In the middle of August, with the Northwest Academy class of 2024 scattered across the living room of a Pacific City beach house, Jordan Marzka posed a question.
“As we start this year, I want you to think of how each of you can be leaders in the [school] community,” said Marzka, the new High School Activities Coordinator. Murmurs spread across the room as my peers brainstormed what they could bring to the table.
I tried to think of everything I’d done in high school — forming the chess club, recruiting members for the chess club, taking the chess club to state championships. Was that all I ever did? No wonder I was a laughingstock of all four grades.
Later, as I sat atop a dune overlooking a dimming sunset, the thought came back to me. It struck me that — silly as it seemed — my stubborn commitment to chess was a testament of how I try to share my passions with others, even if it declared my nerdiness to the world.
That, in a nutshell, was what Marzka was asking us. How we seniors could bring our own small, insignificant joys to campus every day.
And suddenly ideas swarmed my brain. Little things that only I did: singing songs from Lord of the Rings in the Buchan stairwell, playing a veena concert fundraiser in the Blue Box, telling jokes that most people don’t understand until 10 minutes have passed — it was all there. And it was all uniquely me. Slowly but surely, the tote bag of things I had to offer began to swell.
I asked myself how come I had shared all these things, and yet I had never shared the crowning passion of my academic experience. I knew that I loved to write, and I knew I loved writing, but I could not envision a way to share that love with my community. I could not, for example, start a writing club. Nor could I read my writing in stairwells, though the thought was tempting.

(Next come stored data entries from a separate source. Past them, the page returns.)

Lemma psdmx_sqrt M : psdmx M -> exists S : 'M[C]_N,
  [/\ S^t* = S, S *m S = M & forall K, K *m M = M *m K -> K *m S = S *m K].
Proof.
move=> M_psd; have M_herm := psdmx_herm M_psd.
have /orthomx_spectralP : M \is normalmx by apply/normalmxP; rewrite M_herm.
set P := spectralmx M; set d := spectral_diag M.
have P_unitary : P \is unitarymx := spectral_unitarymx M.
rewrite invmx_unitary // => ME.
have d_ge0 i : 0 <= d 0 i.
  have := M_psd (P^t* *m delta_mx i 0).
  by rewrite hform_mulmx trmxCK ME unitary_conjK // hform_delta mxE eqxx mulr1n.
pose s := map_mx sqrtC d.
exists (P^t* *m diag_mx s *m P); split.
- rewrite !trmx_mul !map_mxM trmxCK tr_diag_mx map_diag_mx mulmxA.
  congr (_ *m diag_mx _ *m _); apply/rowP => i; rewrite !mxE.
  by apply: geC0_conj; rewrite sqrtC_ge0.
- rewrite mulmx_unitary_conj // mulmx_diag ME; congr (_ *m diag_mx _ *m _).
  by apply/rowP => i; rewrite !mxE -expr2 sqrtCK.
- move=> K KM; pose K' := P *m K *m P^t*.
  have Pt_unitary : P^t* \is unitarymx by rewrite trmxC_unitary.
  have KE : K = P^t* *m K' *m P.
    by have := unitary_conjK K Pt_unitary; rewrite trmxCK.
  have conjP A B : (P *m A *m P^t*) *m (P *m B *m P^t*) = P *m (A *m B) *m P^t*.
    by have := mulmx_unitary_conj A B Pt_unitary; rewrite trmxCK.
  have K'd : K' *m diag_mx d = diag_mx d *m K'.
    have dE : diag_mx d = P *m M *m P^t* by rewrite ME unitary_conjK.
    by rewrite dE !conjP KM.
  by rewrite KE !mulmx_unitary_conj // diag_mx_comm_map.
Qed.

End HermitianForm.

Section BlockDiagonal.
Variables (C : numClosedFieldType) (N : nat) (J : finType) (Q : J -> 'M[C]_N).
Hypotheses (Q_herm : forall j, (Q j)^t* = Q j)
           (Q_idem : forall j, Q j *m Q j = Q j).

Lemma psdmx_compress_eq0 (A P : 'M[C]_N) :
  psdmx A -> P^t* = P -> P *m A *m P = 0 -> A *m P = 0.
Proof.
move=> A_psd P_herm PAP0; have [S [S_herm SSA _]] := psdmx_sqrt A_psd.
have PS0 : P *m S = 0.
  apply: mulmx_trC_eq0.
  by rewrite trmx_mul map_mxM P_herm S_herm mulmxA -(mulmxA P) SSA.
have SP0 : S *m P = 0.
  by rewrite -S_herm -P_herm -map_mxM -trmx_mul PS0 trmx0 map_mx0.
by rewrite -SSA -mulmxA SP0 mulmx0.
Qed.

What I could do, and did, was to start writing on the Pigeon Press, and when Inge Hoogerhuis said she found my story about the fish hilarious, or when a random person on the Internet commented on my editorial about Muslims in India, I had never felt so fulfilled.
I don’t want my efforts to share my love of writing to seem academic or mundane. I don’t want to be met with skepticism or disinterest. I want least of all for writing, like chess, to be perceived as an intellectual hobby.
As editor-in-chief of the Pigeon Press this year, it’s my responsibility to try to increase readership of the school newspaper. My goal is not, however, to obligate students to validate the work of the journalism class. My dreams of a cult following inspired by my writing will have to wait.
Instead, I want to show my fellow pigeons that words can, in the right place and at the right time, bring a small, insignificant bit of joy to your lives.